Exercise directions
Word-for-word transcription is needed for all of the entries.

Stored data entries
════════

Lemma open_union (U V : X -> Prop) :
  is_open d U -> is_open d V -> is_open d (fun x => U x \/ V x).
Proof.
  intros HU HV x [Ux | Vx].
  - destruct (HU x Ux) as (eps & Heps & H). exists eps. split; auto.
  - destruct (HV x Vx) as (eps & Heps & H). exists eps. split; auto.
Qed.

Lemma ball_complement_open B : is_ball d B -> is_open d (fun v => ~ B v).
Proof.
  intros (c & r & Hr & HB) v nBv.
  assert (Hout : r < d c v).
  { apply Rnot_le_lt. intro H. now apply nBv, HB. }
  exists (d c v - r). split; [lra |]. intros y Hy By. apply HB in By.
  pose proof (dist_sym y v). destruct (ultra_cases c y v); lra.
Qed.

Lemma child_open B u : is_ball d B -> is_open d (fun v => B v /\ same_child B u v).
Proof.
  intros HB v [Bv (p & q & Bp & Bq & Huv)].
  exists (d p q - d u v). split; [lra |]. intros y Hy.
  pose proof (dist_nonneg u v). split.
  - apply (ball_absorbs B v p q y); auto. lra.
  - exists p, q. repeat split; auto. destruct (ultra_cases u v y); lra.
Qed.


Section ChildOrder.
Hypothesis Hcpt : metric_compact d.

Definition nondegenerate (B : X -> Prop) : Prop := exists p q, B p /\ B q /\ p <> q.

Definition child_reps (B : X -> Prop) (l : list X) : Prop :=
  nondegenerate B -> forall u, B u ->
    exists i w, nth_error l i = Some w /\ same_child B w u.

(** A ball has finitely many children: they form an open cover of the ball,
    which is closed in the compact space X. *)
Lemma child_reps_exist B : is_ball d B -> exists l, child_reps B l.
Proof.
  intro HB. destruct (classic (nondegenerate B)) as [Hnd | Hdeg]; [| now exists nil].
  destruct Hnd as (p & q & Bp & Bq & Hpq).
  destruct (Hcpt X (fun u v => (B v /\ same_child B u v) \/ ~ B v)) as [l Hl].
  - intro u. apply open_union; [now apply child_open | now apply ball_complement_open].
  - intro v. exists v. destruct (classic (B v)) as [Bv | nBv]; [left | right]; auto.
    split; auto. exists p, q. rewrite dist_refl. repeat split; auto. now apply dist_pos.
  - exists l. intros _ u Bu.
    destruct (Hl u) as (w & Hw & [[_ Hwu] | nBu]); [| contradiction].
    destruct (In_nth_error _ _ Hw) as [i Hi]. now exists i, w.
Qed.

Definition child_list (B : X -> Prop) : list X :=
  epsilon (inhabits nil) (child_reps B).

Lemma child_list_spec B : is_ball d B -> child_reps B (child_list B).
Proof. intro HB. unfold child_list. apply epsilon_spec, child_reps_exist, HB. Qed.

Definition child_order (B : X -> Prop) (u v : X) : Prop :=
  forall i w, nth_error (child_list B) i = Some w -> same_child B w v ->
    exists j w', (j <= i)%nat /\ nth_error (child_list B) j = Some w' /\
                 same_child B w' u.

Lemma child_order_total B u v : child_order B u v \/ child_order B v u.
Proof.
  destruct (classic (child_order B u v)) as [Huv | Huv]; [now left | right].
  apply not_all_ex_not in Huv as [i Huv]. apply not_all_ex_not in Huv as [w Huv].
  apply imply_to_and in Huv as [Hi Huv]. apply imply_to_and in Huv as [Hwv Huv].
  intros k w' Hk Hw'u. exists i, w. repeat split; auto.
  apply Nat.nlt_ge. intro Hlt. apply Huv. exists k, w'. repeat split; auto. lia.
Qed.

════════

Exercise response
Lemma open_union (U V : X -> Prop) :
  is_open d U -> is_open d V -> is_open d (fun x => U x \/ V x).
Proof.
  intros HU HV x [Ux | Vx].
  - destruct (HU x Ux) as (eps & Heps & H). exists eps. split; auto.
  - destruct (HV x Vx) as (eps & Heps & H). exists eps. split; auto.
Qed.

Lemma ball_complement_open B : is_ball d B -> is_open d (fun v => ~ B v).
Proof.
  intros (c & r & Hr & HB) v nBv.
  assert (Hout : r < d c v).
  { apply Rnot_le_lt. intro H. now apply nBv, HB. }
  exists (d c v - r). split; [lra |]. intros y Hy By. apply HB in By.
  pose proof (dist_sym y v). destruct (ultra_cases c y v); lra.
Qed.

Lemma child_open B u : is_ball d B -> is_open d (fun v => B v /\ same_child B u v).
Proof.
  intros HB v [Bv (p & q & Bp & Bq & Huv)].
  exists (d p q - d u v). split; [lra |]. intros y Hy.
  pose proof (dist_nonneg u v). split.
  - apply (ball_absorbs B v p q y); auto. lra.
  - exists p, q. repeat split; auto. destruct (ultra_cases u v y); lra.
Qed.


Section ChildOrder.
Hypothesis Hcpt : metric_compact d.

Definition nondegenerate (B : X -> Prop) : Prop := exists p q, B p /\ B q /\ p <> q.

Definition child_reps (B : X -> Prop) (l : list X) : Prop :=
  nondegenerate B -> forall u, B u ->
    exists i w, nth_error l i = Some w /\ same_child B w u.

(** A ball has finitely many children: they form an open cover of the ball,
    which is closed in the compact space X. *)
Lemma child_reps_exist B : is_ball d B -> exists l, child_reps B l.
Proof.
  intro HB. destruct (classic (nondegenerate B)) as [Hnd | Hdeg]; [| now exists nil].
  destruct Hnd as (p & q & Bp & Bq & Hpq).
  destruct (Hcpt X (fun u v => (B v /\ same_child B u v) \/ ~ B v)) as [l Hl].
  - intro u. apply open_union; [now apply child_open | now apply ball_complement_open].
  - intro v. exists v. destruct (classic (B v)) as [Bv | nBv]; [left | right]; auto.
    split; auto. exists p, q. rewrite dist_refl. repeat split; auto. now apply dist_pos.
  - exists l. intros _ u Bu.
    destruct (Hl u) as (w & Hw & [[_ Hwu] | nBu]); [| contradiction].
    destruct (In_nth_error _ _ Hw) as [i Hi]. now exists i, w.
Qed.

Definition child_list (B : X -> Prop) : list X :=
  epsilon (inhabits nil) (child_reps B).

Lemma child_list_spec B : is_ball d B -> child_reps B (child_list B).
Proof. intro HB. unfold child_list. apply epsilon_spec, child_reps_exist, HB. Qed.

Definition child_order (B : X -> Prop) (u v : X) : Prop :=
  forall i w, nth_error (child_list B) i = Some w -> same_child B w v ->
    exists j w', (j <= i)%nat /\ nth_error (child_list B) j = Some w' /\
                 same_child B w' u.

Lemma child_order_total B u v : child_order B u v \/ child_order B v u.
Proof.
  destruct (classic (child_order B u v)) as [Huv | Huv]; [now left | right].
  apply not_all_ex_not in Huv as [i Huv]. apply not_all_ex_not in Huv as [w Huv].
  apply imply_to_and in Huv as [Hi Huv]. apply imply_to_and in Huv as [Hwv Huv].
  intros k w' Hk Hw'u. exists i, w. repeat split; auto.
  apply Nat.nlt_ge. intro Hlt. apply Huv. exists k, w'. repeat split; auto. lia.
Qed.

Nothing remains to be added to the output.